§ **What to do**
Copy the lines exactly. Begin at the first line of the data and stop after the line with "Lemma unip_jordan_nat (F".

Collected data
Lemma unitri_Mn a : nat_unitri a -> unitri (Mn a).
Proof.
move/allchkP => H; apply/unitriP => i j ji.
by move: (H i j); rewrite ji MnE => /eqP ->.
Qed.

End NatMatrices.

Definition jordan_nat (lam : seq nat) (i j : nat) : nat :=
  (i == j) || ((j == i.+1) && (j \notin block_ends lam)).

Lemma unip_jordan_nat (F : fieldType) m lam :
  unip_jordan F m lam = Mn F m (jordan_nat lam).
Proof.
apply/matrixP => i j; rewrite !mxE /jordan_nat.
case: (eqVneq i j) => [->|ne]; first by rewrite !eqxx.
by rewrite val_eqE (negbTE ne) /=; case: (_ && _).
Qed.

Section ThreeCycle.
(* The cycle 0 -> 1 -> 2 -> 0 on the first three indices. *)
Definition cyc3 (i : nat) : nat := nth i [:: 1; 2; 0]%N i.

Variable k : nat.
Definition rot3 : 'S_k.+3 :=
  tperm (Ordinal (isT : 1 < k.+3)) (Ordinal (isT : 2 < k.+3)) *
  tperm (Ordinal (isT : 0 < k.+3)) (Ordinal (isT : 1 < k.+3)).

Lemma rot3E (i : 'I_k.+3) : rot3 i = cyc3 i :> nat.
Proof.
by rewrite permM !permE; case: i => [[|[|[|i]]] Hi] //=; rewrite /cyc3 nth_default.
Qed.

Lemma rot3_even : ~~ rot3.
Proof. by rewrite odd_permM !odd_tperm. Qed.

Variable F : finFieldType.
Definition rot3GL : {'GL_k.+3[F]} := FinRing.Unit (@unitmx_perm F k.+3 rot3).

Lemma rot3GL_SL : rot3GL \in SL k.+3 F.
Proof. by rewrite inE /= det_perm (negbTE rot3_even) expr0. Qed.

Definition cyc3_nat (i j : nat) : nat := cyc3 i == j.

Lemma rot3GLE : GLval rot3GL = Mn F k.+3 cyc3_nat.
Proof. by apply/matrixP => i j; rewrite !mxE /cyc3_nat -rot3E. Qed.

End ThreeCycle.

Section OddOrder.
Local Open Scope ring_scope.

Lemma two_neq0 (F : finFieldType) : odd #|F| -> (2%:R : F) != 0.
Proof.
move=> oF; apply/negP => /eqP h2.
have pc : (2 \in [pchar F])%N by apply/andP; split => //; apply/eqP.
have := card_pprimeChar pc => /= hc.
move: oF; rewrite hc oddX /= orbF => /eqP h0.
by move: hc (finNzRing_gt1 F); rewrite h0 => /= ->.
Qed.

End OddOrder.

Section JordanWitness.
Variable m : nat.
Local Notation "a ** b" := (nmul m a b) (at level 40, left associativity).

(* The conjugate P^T J P of the Jordan pattern J by the 3-cycle pattern P. *)
Definition cyc3_conj (lam : seq nat) : nat -> nat -> nat :=
  (fun i j => cyc3_nat j i) ** (jordan_nat lam ** cyc3_nat).

Definition jordan_witness (lam : seq nat) : bool :=
  let J := jordan_nat lam in let S := cyc3_conj lam in
  [&& allchk m (fun i j => (cyc3_nat ** S) i j == (J ** cyc3_nat) i j),
      nat_unitri m J, nat_unitri m S, J 0 1 == 1, S 0 1 == 0,
      (J ** S ** J ** S) 0 2 == 3 & (S ** J ** S ** J) 0 2 == 1]%N.

End JordanWitness.

Lemma Mn_braid_ne (F : finFieldType) (k : nat) (a b : nat -> nat -> nat)
    (x y : {'GL_k.+3[F]}) :
  odd #|F| -> GLval x = Mn F k.+3 a -> GLval y = Mn F k.+3 b ->
  nmul k.+3 (nmul k.+3 (nmul k.+3 a b) a) b 0 2 = 3%N ->
  nmul k.+3 (nmul k.+3 (nmul k.+3 b a) b) a 0 2 = 1%N ->
  x * y * x * y != y * x * y * x.
Proof.
move=> oF xa yb xyxy yxyx; pose i0 : 'I_k.+3 := ord0; pose i2 : 'I_k.+3 := inord 2.
apply/eqP => /(congr1 (fun z : {'GL_k.+3[F]} => GLval z i0 i2)).
rewrite !GL_MxE xa yb !MnM !MnE inordK // xyxy yxyx => /eqP.
by rewrite -subr_eq0 -natrB // (negbTE (two_neq0 oF)).
Qed.

Lemma typeD_of_jordan (F : finFieldType) (k : nat) (u g : {'GL_k.+3[F]})
    (lam : seq nat) :
  odd #|F| -> u \in SL k.+3 F ->
  GLval (g * u * g^-1) = unip_jordan F k.+3 lam ->
  jordan_witness k.+3 lam -> typeD (u ^: SL k.+3 F).
Proof.
move=> oF uSL uJ /and5P[PS Jtri Stri J01 /and3P[S01 /eqP JS /eqP SJ]].
set J := g * u * g^-1 in uJ; set h := rot3GL k F.
have uE : u = J ^ g by rewrite /J conjgE !mulgA mulVg mul1g mulgKV.
have {}uJ : GLval J = Mn F k.+3 (jordan_nat lam) by rewrite uJ unip_jordan_nat.
have sJ : GLval (J ^ h) = Mn F k.+3 (cyc3_conj k.+3 lam).
  by apply: GL_conj_intertwine; rewrite uJ rot3GLE !MnM; apply: Mn_eq.
rewrite uE; apply: (typeD_of_conjugate_witness (K := unitriGL_group F k.+2)
                     (f := fun x => GLval x ord0 (inord 1)) (h := h)).
- by apply: superdiag_conj; rewrite inordK.
- by rewrite inE uJ unitri_Mn.
- by rewrite inE sJ unitri_Mn.
- by rewrite -uE.
- exact/SL_conj/rot3GL_SL.
- by rewrite uJ sJ !MnE inordK // (eqP J01) (eqP S01) oner_eq0.
- exact/rtr_braid_ne/(Mn_braid_ne oF uJ sJ JS SJ).
Qed.

Local Close Scope group_scope.

Theorem mainTheorem10 (F : finFieldType) (n : nat) (u : {'GL_n[F]}) :
  odd #|F| ->
  u \in SL n F ->
  (n = 4 /\ unip_type u [:: 2; 2]) \/ (n = 3 /\ unip_type u [:: 2; 1]) ->
  typeD (u ^: SL n F)%g.
Proof.
move=> oF uSL [[en [_ _ [g uJ]]] | [en [_ _ [g uJ]]]]; subst n;
  by apply: (typeD_of_jordan oF uSL uJ); vm_compute.
Qed.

§ **Response to the task**
Lemma unitri_Mn a : nat_unitri a -> unitri (Mn a).
Proof.
move/allchkP => H; apply/unitriP => i j ji.
by move: (H i j); rewrite ji MnE => /eqP ->.
Qed.

End NatMatrices.

Definition jordan_nat (lam : seq nat) (i j : nat) : nat :=
  (i == j) || ((j == i.+1) && (j \notin block_ends lam)).

Lemma unip_jordan_nat (F : fieldType) m lam :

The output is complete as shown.